Exercise brief - From the line with "sup [set mdist x y | x in A & y in A]." through the line with "singularity: phi_t p", repeat the entries verbatim, both end lines included, and add nothing.

==== Records for the exercise

(* Let $\phi$ be a flow of a compact metric space $X$. If $Sing(\phi)$ is dynamically isolated, then there is $\beta_0>0$ such that $diam(\phi_{\mathbb{R}}(x))\ge\beta_0$ for every $x\in X\setminus Sing(\phi)$.
   Context: A flow is a continuous $\phi:\mathbb{R}\times X\to X$ with $\phi_0=\mathrm{id}$, $\phi_{t+s}=\phi_t\circ\phi_s$; $\phi_{\mathbb{R}}(x)=\{\phi_t(x):t\in\mathbb{R}\}$; $Sing(\phi)$ is the set of fixed points. A compact invariant set $K$ is dynamically isolated if there is a neighborhood $U$ of $K$ with $K=\bigcap_{t\in\mathbb{R}}\phi_t(U)$. *)

From HB Require Import structures.
From mathcomp Require Import all_boot all_order all_algebra.
From mathcomp Require Import all_classical all_reals all_analysis.
Set Implicit Arguments. Unset Strict Implicit. Unset Printing Implicit Defensive.
Import Order.TTheory GRing.Theory Num.Theory numFieldTopology.Exports numFieldNormedType.Exports.
Local Open Scope classical_set_scope.
Local Open Scope ring_scope.

Section Flows.
Context {R : realType} {X : metricType R}.

Definition is_flow (phi : R * X -> X) : Prop :=
  continuous phi /\
  (forall x, phi (0, x) = x) /\
  (forall t s x, phi (t + s, x) = phi (t, phi (s, x))).

Definition flow_orbit (phi : R * X -> X) (x : X) : set X :=
  [set phi (t, x) | t in [set: R]].

Definition Sing (phi : R * X -> X) : set X :=
  [set x | forall t, phi (t, x) = x].

Definition flow_img (phi : R * X -> X) (t : R) (U : set X) : set X :=
  [set phi (t, u) | u in U].

Definition dyn_isolated (phi : R * X -> X) (K : set X) : Prop :=
  compact K /\ (forall t, flow_img phi t K = K) /\
  exists U : set X, (exists V : set X, open V /\ K `<=` V /\ V `<=` U) /\
    K = \bigcap_(t in [set: R]) flow_img phi t U.

Definition diam (A : set X) : R :=
  sup [set mdist x y | x in A & y in A].

End Flows.

(* Were there non-singular points with arbitrarily small orbits, by compactness
   they would accumulate at some p.  Continuity of each phi_t forces p to be a
   singularity: phi_t p is close to phi_t y, which is close to y, which is
   close to p.  So p lies in the open set V around Sing(phi); a point y near p
   with orbit of small diameter then has its whole orbit inside V, hence in
   the isolating neighbourhood U, so y belongs to the maximal invariant set of
   U, which is Sing(phi), although y is not singular. *)

From HB Require Import structures.
From mathcomp Require Import all_boot all_order all_algebra.
From mathcomp Require Import all_classical all_reals all_analysis.
From mathcomp Require Import lra.
Import Order.TTheory GRing.Theory Num.Theory numFieldTopology.Exports numFieldNormedType.Exports.
Local Open Scope classical_set_scope.
Local Open Scope ring_scope.

Section MetricCompact.
Context {R : realType} {X : metricType R}.

Lemma continuous_mdist (x0 : X) : continuous (mdist x0).
Proof.
move=> y; apply/(@cvgrPdist_lt _ R) => e e0.
have := @nbhsx_ballx _ _ y e e0; apply: filterS => z; rewrite ballEmdist /= => yz.
have T1 := metric_triangle x0 y z; have T2 := metric_triangle x0 z y.
rewrite (metric_sym z y) in T2.
by rewrite ltr_norml; apply/andP; split; lra.
Qed.

Lemma compact_mdist_bounded : compact [set: X] ->
  exists M : R, forall a b : X, mdist a b <= M.
Proof.
move=> cX; have [[x0 _]|X0] := pselect ([set: X] !=set0); last first.
  by exists 0 => a; exfalso; apply: X0; exists a.
have [c _ maxc] := compact_EVT_max (f := mdist x0) (ex_intro _ x0 I) cX
  (continuous_subspaceT (@continuous_mdist x0)).
exists (mdist x0 c + mdist x0 c) => a b.
rewrite (le_trans (metric_triangle a x0 b)) // metric_sym.
by rewrite lerD // maxc // inE.
Qed.

Lemma mdist_le_diam (A : set X) :
  (exists M : R, forall a b : X, mdist a b <= M) ->
  forall a b, A a -> A b -> mdist a b <= diam A.
Proof.
move=> [M HM] a b Aa Ab; apply: sup_upper_bound; last by exists a => //; exists b.
split; first by exists (mdist a b); exists a => //; exists b.
by exists M => _ [x Ax [y Ay <-]].
Qed.

Lemma compact_cluster_nested (P : R -> set X) : compact [set: X] ->
  (forall e, 0 < e -> P e !=set0) ->
  (forall e1 e2, 0 < e1 -> e1 <= e2 -> P e1 `<=` P e2) ->
  exists p : X, forall e r, 0 < e -> 0 < r -> exists y, P e y /\ mdist p y < r.
Proof.
move=> cX Pne Pmon.
pose F := filter_from [set e : R | 0 < e] P.
have FF : Filter F.
  apply: filter_from_filter; first by exists 1; rewrite /= ltr01.
  move=> i j /= i0 j0; have m0 : 0 < Num.min i j by rewrite lt_min i0 j0.
  exists (Num.min i j) => // y Py.
  by split; apply: (Pmon (Num.min i j)); rewrite // ge_min lexx ?orbT.
have [p [_ clp]] := cX F (filter_from_proper FF Pne) filterT.
exists p => e r e0 r0.
have [y [Py]] := clp (P e) (ball p r) (ex_intro2 _ _ e e0 (@subset_refl _ _))
  (@nbhsx_ballx _ _ p r r0).
by rewrite ballEmdist /= => hy; exists y.
Qed.

End MetricCompact.

Section SmallOrbits.
Context {R : realType} {X : metricType R} {phi : R * X -> X}.
Hypotheses (cX : compact [set: X]) (phic : continuous phi).
Hypotheses (phi0 : forall x, phi (0, x) = x)
  (phiD : forall t s x, phi (t + s, x) = phi (t, phi (s, x))).

Lemma continuous_flow_at (t : R) : continuous (fun y => phi (t, y)).
Proof.
move=> y; apply: continuous_comp (phic (t, y)).
exact: (cvg_pair (cvg_cst t) cvg_id).
Qed.

Lemma mdist_flow_le_diam_orbit (x : X) (s : R) :
  mdist x (phi (s, x)) <= diam (flow_orbit phi x).
Proof.
apply: (mdist_le_diam _ (compact_mdist_bounded cX)).
  by exists 0; rewrite ?phi0.
by exists s.
Qed.

Lemma Sing_limit_small_orbits (p : X) :
  (forall e r, 0 < e -> 0 < r ->
    exists y, diam (flow_orbit phi y) < e /\ mdist p y < r) ->
  Sing phi p.
Proof.
move=> small t; apply: contrapT => ne.
pose e := mdist p (phi (t, p)).
have e0 : 0 < e by rewrite mdist_gt0; apply/eqP => h; apply: ne; rewrite -h.
have e30 : 0 < e / 3 by rewrite divr_gt0.
have /(@metricType_numDomainType.nbhs_mdistP R X) [r /= r0 near_p] :
    \forall y \near p, mdist (phi (t, p)) (phi (t, y)) < e / 3.
  exact: (metricType_numDomainType.cvgr_dist_lt (continuous_flow_at t p) e30).
have m0 : 0 < Num.min r (e / 3) by rewrite lt_min r0 e30.
have [y [small_y py]] := small _ _ e30 m0.
move: py; rewrite lt_min => /andP[py_r py_e].
have yty := le_lt_trans (mdist_flow_le_diam_orbit y t) small_y.
have tpty := near_p y py_r.
have T1 := metric_triangle p y (phi (t, p)).
have T2 := metric_triangle y (phi (t, y)) (phi (t, p)).
rewrite (metric_sym (phi (t, y))) in T2.
rewrite -/e in T1; clearbody e; clear ne near_p small; lra.
Qed.

Lemma small_orbit_in_maximal_invariant {U : set X} {p : X} : nbhs p U ->
  exists2 r : R, 0 < r & forall y, mdist p y < r ->
    diam (flow_orbit phi y) < r -> (\bigcap_(t in [set: R]) flow_img phi t U) y.
Proof.
move=> /(@metricType_numDomainType.nbhs_mdistP R X) [r /= r0 pU].
exists (r / 2); first by rewrite divr_gt0.
move=> y py small_y t _; exists (phi (- t, y)); last by rewrite -phiD subrr phi0.
apply: pU => /=; have T := metric_triangle p y (phi (- t, y)).
have := le_lt_trans (mdist_flow_le_diam_orbit y (- t)) small_y; lra.
Qed.

End SmallOrbits.

Theorem mainTheorem12 (R : realType) (X : metricType R) (phi : R * X -> X) :
  compact [set: X] -> is_flow phi -> dyn_isolated phi (Sing phi) ->
  exists2 beta0 : R, 0 < beta0 &
    forall x : X, ~ Sing phi x -> beta0 <= diam (flow_orbit phi x).
Proof.
move=> cX [phic [phi0 phiD]] [_ [_ [U [[V [oV [SingV VU]]] SingE]]]].
apply: contrapT => no_beta.
pose P e := [set x | ~ Sing phi x /\ diam (flow_orbit phi x) < e].
have Pne e : 0 < e -> P e !=set0.
  move=> e0; apply: contrapT => P0; apply: no_beta; exists e => // x nx.
  by rewrite leNgt; apply/negP => hx; apply: P0; exists x.
have Pmon e1 e2 : 0 < e1 -> e1 <= e2 -> P e1 `<=` P e2.
  by move=> _ le12 y [ny hy]; split => //; apply: lt_le_trans le12.
have [p clp] := compact_cluster_nested P cX Pne Pmon.
have Sp : Sing phi p.
  apply: (Sing_limit_small_orbits cX phic phi0) => e r e0 r0.
  by have [y [[_ ?] ?]] := clp e r e0 r0; exists y.
have pV : nbhs p V := open_nbhs_nbhs (conj oV (SingV p Sp)).
have [r r0 inU] := small_orbit_in_maximal_invariant cX phi0 phiD (filterS VU pV).
have [y [[ny small_y] py]] := clp r r r0 r0.
by apply: ny; rewrite SingE; exact: inU.
Qed.
Definition opinion_profile k (p : 'I_k -> 'I_n -> R) (d : 'I_k -> R) : Prop :=
  [/\ forall u i, 0 < p u i < 1, forall u, \sum_i p u i = 1,
      forall u, 0 <= d u & \sum_u d u = 1].

Definition is_overall_opinion (z : 'I_n -> 'I_n -> R) : Prop :=
  exists k (p : 'I_k -> 'I_n -> R) (d : 'I_k -> R),
    opinion_profile p d /\ z =2 overall_opinion p d.

Lemma overall_opinion_antisym k (p : 'I_k -> 'I_n -> R) d :
  (forall u i, 0 < p u i) -> \sum_u d u = 1 ->
  forall i j, overall_opinion p d j i = 1 - overall_opinion p d i j.
Proof.
move=> p_gt0 d_sum1 i j; rewrite /overall_opinion -[X in _ = X - _]d_sum1 -sumrB.
by apply: eq_bigr => u _; rewrite sit_opinion_antisym ?lt0r_neq0 ?addr_gt0 // mulrBr mulr1.
Qed.

Lemma is_overall_opinion_convex a b t : is_overall_opinion a -> is_overall_opinion b ->
  0 <= t <= 1 -> is_overall_opinion (fun i j => t * a i j + (1 - t) * b i j).
Proof.
move=> [k1 [p1 [d1 [[p1_01 p1_sum1 d1_ge0 d1_sum1] aE]]]].
move=> [k2 [p2 [d2 [[p2_01 p2_sum1 d2_ge0 d2_sum1] bE]]]] /andP[t_ge0 t_le1].
pose p u := match split u with inl u1 => p1 u1 | inr u2 => p2 u2 end.
pose d u := match split u with inl u1 => t * d1 u1 | inr u2 => (1 - t) * d2 u2 end.
have pl u : p (lshift k2 u) = p1 u by rewrite /p (unsplitK (inl u)).
have pr u : p (rshift k1 u) = p2 u by rewrite /p (unsplitK (inr u)).
have dl u : d (lshift k2 u) = t * d1 u by rewrite /d (unsplitK (inl u)).
have dr u : d (rshift k1 u) = (1 - t) * d2 u by rewrite /d (unsplitK (inr u)).
exists (k1 + k2), p, d; split; first split.
- by move=> u i; rewrite /p; case: split.
- by move=> u; rewrite /p; case: split.
- by move=> u; rewrite /d; case: split => v; rewrite mulr_ge0 ?subr_ge0.
- rewrite big_split_ord (eq_bigr _ (fun u _ => dl u)) (eq_bigr _ (fun u _ => dr u)).
  by rewrite -!mulr_sumr d1_sum1 d2_sum1 !mulr1; apply: subrKC.
move=> i j; rewrite /overall_opinion big_split_ord aE bE !mulr_sumr.
by congr (_ + _); apply: eq_bigr => u _; rewrite ?dl ?pl ?dr ?pr mulrA.
Qed.

Lemma is_overall_opinion_mixture (T : finType) (lam : T -> R) (P : T -> 'I_n -> R) :
  (forall t, 0 <= lam t) -> \sum_t lam t = 1 ->
  (forall t i, 0 < P t i < 1) -> (forall t, \sum_i P t i = 1) ->
  is_overall_opinion (fun i j => \sum_t lam t * sit_opinion (P t) i j).
Proof.
move=> lam_ge0 lam_sum1 P_01 P_sum1.
exists #|T|, (fun u => P (enum_val u)), (fun u => lam (enum_val u)).
split; first by split; rewrite // -lam_sum1 -(big_enum_val lam); apply: eq_bigl.
move=> i j; rewrite /overall_opinion -(big_enum_val (fun t => lam t * sit_opinion (P t) i j)).
exact: eq_bigl.
Qed.
End OverallOpinions.

Section ConvexOrthants.
Variables (R : realType) (T : eqType).

Definition convex_set (C : (T -> R) -> Prop) : Prop :=
  forall a b t, C a -> C b -> 0 <= t <= 1 -> C (fun k => t * a k + (1 - t) * b k).

(* Induction on [S]: combining a point with z m > x m and one with z m < x m
   in the same orthant of the other coordinates fixes the coordinate m. *)
Lemma convex_meets_orthants (C : (T -> R) -> Prop) (x : T -> R) (S : seq T) :
  convex_set C -> uniq S ->
  (forall s : T -> bool, exists2 z, C z &
     {in S, forall k, if s k then x k < z k else z k < x k}) ->
  exists2 z, C z & {in S, z =1 x}.
Proof.
elim: S C => [|m S IH] C C_convex /=.
  by move=> _ /(_ xpredT) [z Cz _]; exists z.
case/andP => mS S_uniq orth.
pose Cm z := C z /\ z m = x m.
have Cm_convex : convex_set Cm.
  move=> a b t [Ca am] [Cb bm] t01; split; first exact: C_convex.
  by rewrite am bm; ring.
have [s|z [Cz zm] zS] := IH Cm Cm_convex S_uniq; last first.
  by exists z => // k; rewrite inE => /orP[/eqP -> | /zS].
have [z1 C1 z1S] := orth (fun k => if k == m then true else s k).
have [z0 C0 z0S] := orth (fun k => if k == m then false else s k).
move: (z1S m (mem_head _ _)) (z0S m (mem_head _ _)); rewrite eqxx /= => z1m z0m.
pose t := (x m - z0 m) / (z1 m - z0 m).
have t_gt0 : 0 < t by rewrite divr_gt0 ?subr_gt0 // (lt_trans z0m).
have t_lt1 : t < 1 by rewrite ltr_pdivrMr ?subr_gt0 ?(lt_trans z0m) // mul1r ltrD2r.
exists (fun k => t * z1 k + (1 - t) * z0 k).
  split; first by apply: C_convex => //; rewrite !ltW.
  by rewrite /t; field; rewrite subr_eq0 gt_eqF ?(lt_trans z0m).
move=> k kS; have km : k != m by apply: contraNneq mS => <-.
move: (z1S k) (z0S k); rewrite inE kS orbT (negbTE km) => /(_ isT) + /(_ isT).
by case: (s k) => z1k z0k; nra.
Qed.
End ConvexOrthants.

Section PeakedOpinions.
Variables (R : realType) (n : nat).
Hypothesis n_gt1 : (1 < n)%N.

Definition peaked (e : R) (r : {perm 'I_n}) (i : 'I_n) : R :=
  e ^+ (r^-1)%g i / \sum_k e ^+ (r^-1)%g k.

Variable e : R.
Hypotheses (e_gt0 : 0 < e) (e_lt1 : e < 1).
Lemma tree_at_arborescence F : tree_at r F -> is_arborescence r (parent_edges F).
Proof.
case/andP => /eqP Fr /forallP Fsink v.
have [k /eqP Fk kmin] := ex_minnP (ex_intro (fun k => iter k F v == r) _ (Fsink v)).
have avoid i : i < k -> iter i F v != r.
  by move=> ltik; apply: contraTneq ltik => /eqP/kmin; rewrite leqNgt.
exists (traject F (F v) k); split.
  by rewrite traject_path_parent_edges // last_traject Fk eqxx.
move=> q /andP [/path_parent_edges [q_traj q_avoid] /eqP q_last].
have Fq : iter (size q) F v = r by rewrite -q_last [in RHS]q_traj last_traject.
suff <- : size q = k by [].
apply/eqP; rewrite eqn_leq kmin ?Fq ?eqxx // leqNgt andbT.
by apply: contraTN (eqxx r) => /q_avoid; rewrite Fk.
Qed.

Lemma arborescence_tree_at F : F r = r -> is_arborescence r (parent_edges F) -> tree_at r F.
Proof.
move=> Fr arbF; rewrite /tree_at Fr eqxx; apply/forallP => v.
have [q [/andP [/path_parent_edges [q_traj _] /eqP q_last] _]] := arbF v.
apply/eqP; apply: (sink_iter (k := size q) Fr).
by rewrite -q_last [in RHS]q_traj last_traject.
Qed.

Definition parent_fun E : {ffun T -> T} :=
  [ffun u => if u == r then r else odflt r [pick w | (u, w) \in E]].

Lemma parent_edgesK F : F r = r -> parent_fun (parent_edges F) = F.
Proof.
move=> Fr; apply/ffunP => u; rewrite ffunE.
have [-> // | ur] := eqVneq u r.
case: pickP => [w | /(_ (F u))]; first by rewrite mem_parent_edges ur => /eqP.
by rewrite mem_parent_edges ur eqxx.
Qed.

Lemma arborescence_out_edge E u w : is_arborescence r E -> (u, w) \in E ->
  u != r /\ forall w', (u, w') \in E -> w' = w.
Proof.
move=> arbE uw; have [q0 [_ uniq_u]] := arbE u.
have via w' : (u, w') \in E -> exists qw, q0 = w' :: qw.
  move=> uw'; have [qw [/andP [pw lw] _]] := arbE w'.
  by exists qw; apply: uniq_u; rewrite /= uw' pw.
have [qw q0E] := via w uw.
split=> [|w' /via [qw' q0E']]; last by move: q0E'; rewrite q0E => -[].
apply/eqP => ur; suff : q0 = [::] by rewrite q0E.
by apply: uniq_u; rewrite /= ur eqxx.
Qed.

Lemma parent_funK E : is_arborescence r E -> parent_edges (parent_fun E) = E.
Proof.
move=> arbE; apply/setP => -[a b]; rewrite mem_parent_edges ffunE.
have [ar | ar] /= := eqVneq a r.
  by apply/esym/negP => /(arborescence_out_edge arbE) []; rewrite ar eqxx.
case: pickP => [w aw | no_out].
  have [_ uniq_a] := arborescence_out_edge arbE aw.
  by apply/eqP/idP => [-> // | /uniq_a].
have [[|w q] [/andP [pq /eqP lq] _]] := arbE a; first by rewrite -lq eqxx in ar.
by case/andP: pq => aw _; move: (no_out w); rewrite aw.
Qed.

Local Open Scope ring_scope.

Lemma arborescence_sum (K : comRingType) (f : T * T -> K) :
  \sum_(E : {set T * T} | `[< is_arborescence r E >]) \prod_(e in E) f e =
  \sum_(F | tree_at r F) \prod_(u | u != r) f (u, F u).
Proof.
rewrite (reindex_onto parent_edges parent_fun); last by move=> E /asboolP /parent_funK.
apply: eq_big => F.
  apply/andP/idP => [[/asboolP arbF /eqP FK] | treeF].
    by apply: arborescence_tree_at arbF; rewrite -FK ffunE eqxx.
  have /andP [/eqP Fr _] := treeF.
  by rewrite parent_edgesK // eqxx; split=> //; apply/asboolP/tree_at_arborescence.
move=> _; rewrite big_imset /=; last by move=> u w _ _ [].
by apply: eq_bigl => u; rewrite inE.
Qed.

End Arborescence.

Section SignedSupersets.
Variables (K : comRingType) (T : finType).
Implicit Types (A U S : {set T}).
Local Open Scope ring_scope.

Lemma sum_signed_supsets_eq0 A U e : e \in U -> e \notin A ->
  \sum_(S : {set T} | S \subset U) (-1) ^+ #|U :\: S| * (A \subset S)%:R = 0 :> K.
Proof.
move=> eU eA; pose toggle (S : {set T}) := if e \in S then S :\ e else e |: S.
have toggleK : involutive toggle.
  move=> S; rewrite /toggle; have [eS | eS] := boolP (e \in S).
    by rewrite setD11 setD1K.
  by rewrite setU11 setU1K.
rewrite (bigID (fun S : {set T} => e \in S)) /= [X in X + _](reindex_inj (inv_inj toggleK)) /=.
rewrite (eq_bigl (fun S : {set T} => (S \subset U) && (e \notin S))); last first.
  move=> S; rewrite /toggle; case: ifP => eS /=; first by rewrite setD11 !andbF.
  by rewrite subUset sub1set eU !inE eqxx !andbT.
rewrite -big_split /=; apply: big1 => S /andP [SU eS]; rewrite /toggle (negbTE eS).
have -> : #|U :\: S| = #|U :\: (e |: S)|.+1.
  rewrite (cardsD1 e) inE eU eS add1n; congr _.+1.
  by apply: eq_card => z; rewrite !inE negb_or andbA.
have -> : (A \subset e |: S) = (A \subset S).
  apply/idP/idP => [/subsetP AeS | /subset_trans]; last by apply; apply: subsetUr.
  apply/subsetP => z zA; move: (AeS z zA); rewrite !inE => /orP [/eqP ez | //].
  by move: eA; rewrite -ez zA.
by rewrite exprS mulN1r mulNr addrN.
Qed.

Lemma sum_signed_supsets A U :
  \sum_(S : {set T} | S \subset U) (-1) ^+ #|U :\: S| * (A \subset S)%:R = (A == U)%:R :> K.
Proof.
have [UA | /subsetPn [e eU eA]] := boolP (U \subset A); last first.
  have AU : A != U by apply: contraNneq eA => ->.
  by rewrite (sum_signed_supsets_eq0 eU eA) (negbTE AU).
have [AU | AU] := boolP (A \subset U); last first.
  rewrite (negbTE (contraNneq _ AU)) => [|->]; last exact: subxx.
  apply: big1 => S SU; have AS : ~~ (A \subset S) by apply: contra AU => /subset_trans; apply.
  by rewrite (negbTE AS) mulr0.
have <- : A = U by apply/eqP; rewrite eqEsubset AU UA.
rewrite eqxx (bigD1 A) //= setDv cards0 subxx mul1r big1 ?addr0 // => S /andP [SA SnA].
have AS : ~~ (A \subset S) by apply: contra SnA => AS; rewrite eqEsubset SA AS.
by rewrite (negbTE AS) mulr0.
Qed.

End SignedSupersets.

Section PermTreeSum.
Variables (K : comRingType) (T : finType) (x : T -> T -> K).
Implicit Types (g : {ffun T -> T}) (S : {set T}).
Local Open Scope ring_scope.

Definition gram S c d := \sum_(u in S) x u c * x u d.

Definition pair_weight g (phi : T -> T) j :=
  \prod_(c | c != j) (x (phi c) c * x (phi c) (g c)).

Definition perm_tree_weight r (s : {perm T}) :=
  (\prod_i x i (s i)) * tree_sum (fun u v => x u (s v)) r.

Definition perm_tree_sum r j := \sum_(s : {perm T} | s r == j)
  (\prod_(i | i != r) x i (s i)) * tree_sum (fun u v => x u (s v)) r.

Lemma prod_gram_expand S g r j :
  \prod_(c | c != j) gram S c (g c) =
  \sum_(phi : {ffun T -> T})
     ((phi j == r) && (phi @: [set~ j] \subset S))%:R * pair_weight g phi j.
Proof.
(* The factor at [c = j] pins [phi j = r]. *)
pose B c u := if c == j then (u == r)%:R else (u \in S)%:R * (x u c * x u (g c)).
have <- : \prod_c \sum_u B c u = \prod_(c | c != j) gram S c (g c).
  rewrite (bigD1 j) //= {1}/B eqxx (bigD1 r) //= eqxx big1 ?addr0 ?mul1r.
    apply: eq_bigr => c /negbTE cj; rewrite /gram [RHS]big_mkcond /=.
    by apply: eq_bigr => u; rewrite /B cj; case: (u \in S); rewrite ?mul1r ?mul0r.
  by move=> u /negbTE ->.
rewrite bigA_distr_bigA; apply: eq_bigr => phi _.
rewrite (bigD1 j) //= {1}/B eqxx -mulnb natrM -mulrA; congr (_ * _).
have in_S : \prod_(c | c != j) (phi c \in S)%:R = (phi @: [set~ j] \subset S)%:R :> K.
  rewrite sub_imset_pre.
  have [/subsetP sub | /subsetPn [c]] := boolP ([set~ j] \subset phi @^-1: S).
    by apply: big1 => c cj; move: (sub c); rewrite !inE cj => /(_ isT) ->.
  by rewrite !inE => cj phicS; rewrite (bigD1 c) //= (negbTE phicS) mul0r.
rewrite -in_S -big_split; apply: eq_bigr => c /negbTE cj.
by rewrite /B cj.
Qed.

========

Answer area -
  sup [set mdist x y | x in A & y in A].

End Flows.

(* Were there non-singular points with arbitrarily small orbits, by compactness
   they would accumulate at some p.  Continuity of each phi_t forces p to be a
   singularity: phi_t p is close to phi_t y, which is close to y, which is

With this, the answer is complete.